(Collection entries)
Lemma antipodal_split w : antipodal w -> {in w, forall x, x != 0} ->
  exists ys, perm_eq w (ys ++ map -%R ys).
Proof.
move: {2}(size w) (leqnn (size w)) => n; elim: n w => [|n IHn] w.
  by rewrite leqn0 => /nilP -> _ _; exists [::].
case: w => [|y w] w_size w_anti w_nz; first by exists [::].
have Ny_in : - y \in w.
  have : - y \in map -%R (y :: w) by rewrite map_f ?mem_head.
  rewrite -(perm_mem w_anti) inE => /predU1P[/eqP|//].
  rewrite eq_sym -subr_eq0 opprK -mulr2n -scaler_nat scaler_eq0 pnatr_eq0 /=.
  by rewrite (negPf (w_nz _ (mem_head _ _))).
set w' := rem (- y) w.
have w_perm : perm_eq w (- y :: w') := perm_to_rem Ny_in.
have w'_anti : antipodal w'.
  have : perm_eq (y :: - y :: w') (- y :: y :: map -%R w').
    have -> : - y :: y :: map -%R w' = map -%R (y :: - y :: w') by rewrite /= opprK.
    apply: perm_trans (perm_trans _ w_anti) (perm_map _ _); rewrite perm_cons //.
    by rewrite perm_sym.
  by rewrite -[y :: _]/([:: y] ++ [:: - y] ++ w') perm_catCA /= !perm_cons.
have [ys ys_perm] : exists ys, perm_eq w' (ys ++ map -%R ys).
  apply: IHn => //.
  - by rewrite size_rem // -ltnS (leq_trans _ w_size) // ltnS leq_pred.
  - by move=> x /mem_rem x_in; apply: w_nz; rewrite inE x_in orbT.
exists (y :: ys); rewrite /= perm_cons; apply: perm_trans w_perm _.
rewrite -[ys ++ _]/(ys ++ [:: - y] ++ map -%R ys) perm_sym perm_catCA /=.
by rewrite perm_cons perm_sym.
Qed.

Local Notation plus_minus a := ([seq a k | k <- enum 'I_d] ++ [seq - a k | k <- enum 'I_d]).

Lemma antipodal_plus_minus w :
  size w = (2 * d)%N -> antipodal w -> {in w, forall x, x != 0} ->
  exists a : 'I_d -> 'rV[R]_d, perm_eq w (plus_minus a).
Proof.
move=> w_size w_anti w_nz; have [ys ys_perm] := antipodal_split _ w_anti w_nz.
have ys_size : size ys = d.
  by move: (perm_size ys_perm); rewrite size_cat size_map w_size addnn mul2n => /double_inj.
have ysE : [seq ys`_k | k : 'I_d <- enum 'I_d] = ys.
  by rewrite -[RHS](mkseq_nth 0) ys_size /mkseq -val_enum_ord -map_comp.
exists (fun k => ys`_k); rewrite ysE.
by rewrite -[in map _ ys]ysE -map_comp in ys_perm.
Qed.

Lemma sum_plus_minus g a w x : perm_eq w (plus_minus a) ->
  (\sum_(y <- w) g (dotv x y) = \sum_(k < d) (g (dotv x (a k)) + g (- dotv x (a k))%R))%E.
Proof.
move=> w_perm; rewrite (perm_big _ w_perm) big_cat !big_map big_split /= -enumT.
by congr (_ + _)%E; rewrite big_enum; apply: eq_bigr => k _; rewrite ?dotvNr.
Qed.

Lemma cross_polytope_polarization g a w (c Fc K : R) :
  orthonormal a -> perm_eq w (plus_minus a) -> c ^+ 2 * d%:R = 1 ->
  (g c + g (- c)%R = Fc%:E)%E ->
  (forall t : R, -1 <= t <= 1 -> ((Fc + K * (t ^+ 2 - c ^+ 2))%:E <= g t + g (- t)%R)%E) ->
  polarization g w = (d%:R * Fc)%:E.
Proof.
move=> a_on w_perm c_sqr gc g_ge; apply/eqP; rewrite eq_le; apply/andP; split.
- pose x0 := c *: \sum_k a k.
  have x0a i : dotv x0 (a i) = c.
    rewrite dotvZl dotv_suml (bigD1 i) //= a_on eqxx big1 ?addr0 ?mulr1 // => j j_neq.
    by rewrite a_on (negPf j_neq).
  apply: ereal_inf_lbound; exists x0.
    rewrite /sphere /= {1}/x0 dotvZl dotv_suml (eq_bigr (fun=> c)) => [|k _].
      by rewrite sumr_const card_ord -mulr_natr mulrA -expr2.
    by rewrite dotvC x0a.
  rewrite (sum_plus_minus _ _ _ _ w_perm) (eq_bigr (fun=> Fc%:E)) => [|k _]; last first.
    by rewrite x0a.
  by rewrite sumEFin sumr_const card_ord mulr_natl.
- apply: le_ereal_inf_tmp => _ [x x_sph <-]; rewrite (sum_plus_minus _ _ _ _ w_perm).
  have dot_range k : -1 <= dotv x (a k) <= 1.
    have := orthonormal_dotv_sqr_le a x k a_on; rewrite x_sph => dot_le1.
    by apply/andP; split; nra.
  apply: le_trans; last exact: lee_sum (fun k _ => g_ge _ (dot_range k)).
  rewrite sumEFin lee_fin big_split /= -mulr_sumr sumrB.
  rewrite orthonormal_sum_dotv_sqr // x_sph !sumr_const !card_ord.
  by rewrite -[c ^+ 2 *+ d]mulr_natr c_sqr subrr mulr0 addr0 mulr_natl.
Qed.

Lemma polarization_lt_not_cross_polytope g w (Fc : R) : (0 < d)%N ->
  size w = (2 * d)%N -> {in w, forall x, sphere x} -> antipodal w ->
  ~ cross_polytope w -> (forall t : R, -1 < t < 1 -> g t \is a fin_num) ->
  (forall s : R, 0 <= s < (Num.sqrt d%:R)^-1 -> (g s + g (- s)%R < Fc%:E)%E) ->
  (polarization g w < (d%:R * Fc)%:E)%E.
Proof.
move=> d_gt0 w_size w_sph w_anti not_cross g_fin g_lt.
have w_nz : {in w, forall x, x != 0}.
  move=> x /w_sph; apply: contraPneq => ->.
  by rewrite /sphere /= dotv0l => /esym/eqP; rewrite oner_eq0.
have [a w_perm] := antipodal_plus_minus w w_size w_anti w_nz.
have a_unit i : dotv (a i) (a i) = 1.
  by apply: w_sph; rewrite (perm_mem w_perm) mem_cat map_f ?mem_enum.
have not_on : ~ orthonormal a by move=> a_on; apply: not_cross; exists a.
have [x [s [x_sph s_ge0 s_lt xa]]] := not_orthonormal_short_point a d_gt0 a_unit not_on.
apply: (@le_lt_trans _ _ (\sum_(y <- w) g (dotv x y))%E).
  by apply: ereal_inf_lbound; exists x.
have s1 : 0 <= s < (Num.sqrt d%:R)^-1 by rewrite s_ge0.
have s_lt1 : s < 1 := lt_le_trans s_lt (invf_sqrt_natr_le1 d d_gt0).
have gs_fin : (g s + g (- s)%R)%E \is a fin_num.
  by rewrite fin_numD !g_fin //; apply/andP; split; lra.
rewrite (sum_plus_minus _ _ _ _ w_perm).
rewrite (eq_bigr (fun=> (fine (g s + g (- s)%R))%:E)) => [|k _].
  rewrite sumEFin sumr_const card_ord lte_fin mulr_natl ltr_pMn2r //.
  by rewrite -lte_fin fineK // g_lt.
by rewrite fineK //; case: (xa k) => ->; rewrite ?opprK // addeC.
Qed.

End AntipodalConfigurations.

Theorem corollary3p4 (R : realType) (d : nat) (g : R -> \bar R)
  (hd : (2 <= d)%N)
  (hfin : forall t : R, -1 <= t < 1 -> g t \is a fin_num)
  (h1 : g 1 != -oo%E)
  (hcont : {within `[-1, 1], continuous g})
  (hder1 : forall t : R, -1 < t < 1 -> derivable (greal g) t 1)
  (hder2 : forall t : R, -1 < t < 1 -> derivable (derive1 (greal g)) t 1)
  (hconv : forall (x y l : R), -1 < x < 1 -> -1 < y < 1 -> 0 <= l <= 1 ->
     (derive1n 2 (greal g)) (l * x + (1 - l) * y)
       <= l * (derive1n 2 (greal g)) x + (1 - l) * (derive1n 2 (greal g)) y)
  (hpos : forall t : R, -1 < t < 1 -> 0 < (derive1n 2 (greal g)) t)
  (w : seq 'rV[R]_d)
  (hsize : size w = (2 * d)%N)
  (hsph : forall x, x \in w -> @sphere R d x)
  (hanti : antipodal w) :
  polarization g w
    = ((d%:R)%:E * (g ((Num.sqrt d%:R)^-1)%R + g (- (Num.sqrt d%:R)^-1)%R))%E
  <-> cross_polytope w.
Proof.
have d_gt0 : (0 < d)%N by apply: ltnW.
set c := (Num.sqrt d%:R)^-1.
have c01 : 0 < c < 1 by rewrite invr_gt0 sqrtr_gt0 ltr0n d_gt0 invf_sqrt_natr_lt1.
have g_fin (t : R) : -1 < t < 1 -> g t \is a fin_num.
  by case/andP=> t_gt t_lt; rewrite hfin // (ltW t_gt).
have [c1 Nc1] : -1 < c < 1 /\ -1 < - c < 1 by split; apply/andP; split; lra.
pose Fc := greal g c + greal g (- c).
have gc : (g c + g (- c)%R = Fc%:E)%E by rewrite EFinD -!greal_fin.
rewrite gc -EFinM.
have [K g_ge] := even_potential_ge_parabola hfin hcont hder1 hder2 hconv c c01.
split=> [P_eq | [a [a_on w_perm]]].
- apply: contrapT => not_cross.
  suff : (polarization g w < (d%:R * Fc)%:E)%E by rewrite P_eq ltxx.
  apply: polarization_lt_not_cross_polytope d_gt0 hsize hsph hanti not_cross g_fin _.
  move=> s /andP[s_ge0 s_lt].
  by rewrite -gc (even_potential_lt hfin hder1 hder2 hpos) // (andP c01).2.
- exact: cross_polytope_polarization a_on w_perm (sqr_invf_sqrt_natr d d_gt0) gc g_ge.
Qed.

- PROBLEM REQUIREMENTS
Of all the entries above, output exactly the lines between the one holding "rewrite (sum_plus_minus _ _ _ _ w_perm) (eq_bigr" and the one holding "(forall s : R, 0", inclusive.

- TASK RESPONSE
  rewrite (sum_plus_minus _ _ _ _ w_perm) (eq_bigr (fun=> Fc%:E)) => [|k _]; last first.
    by rewrite x0a.
  by rewrite sumEFin sumr_const card_ord mulr_natl.
- apply: le_ereal_inf_tmp => _ [x x_sph <-]; rewrite (sum_plus_minus _ _ _ _ w_perm).
  have dot_range k : -1 <= dotv x (a k) <= 1.
    have := orthonormal_dotv_sqr_le a x k a_on; rewrite x_sph => dot_le1.
    by apply/andP; split; nra.
  apply: le_trans; last exact: lee_sum (fun k _ => g_ge _ (dot_range k)).
  rewrite sumEFin lee_fin big_split /= -mulr_sumr sumrB.
  rewrite orthonormal_sum_dotv_sqr // x_sph !sumr_const !card_ord.
  by rewrite -[c ^+ 2 *+ d]mulr_natr c_sqr subrr mulr0 addr0 mulr_natl.
Qed.

Lemma polarization_lt_not_cross_polytope g w (Fc : R) : (0 < d)%N ->
  size w = (2 * d)%N -> {in w, forall x, sphere x} -> antipodal w ->
  ~ cross_polytope w -> (forall t : R, -1 < t < 1 -> g t \is a fin_num) ->
  (forall s : R, 0 <= s < (Num.sqrt d%:R)^-1 -> (g s + g (- s)%R < Fc%:E)%E) ->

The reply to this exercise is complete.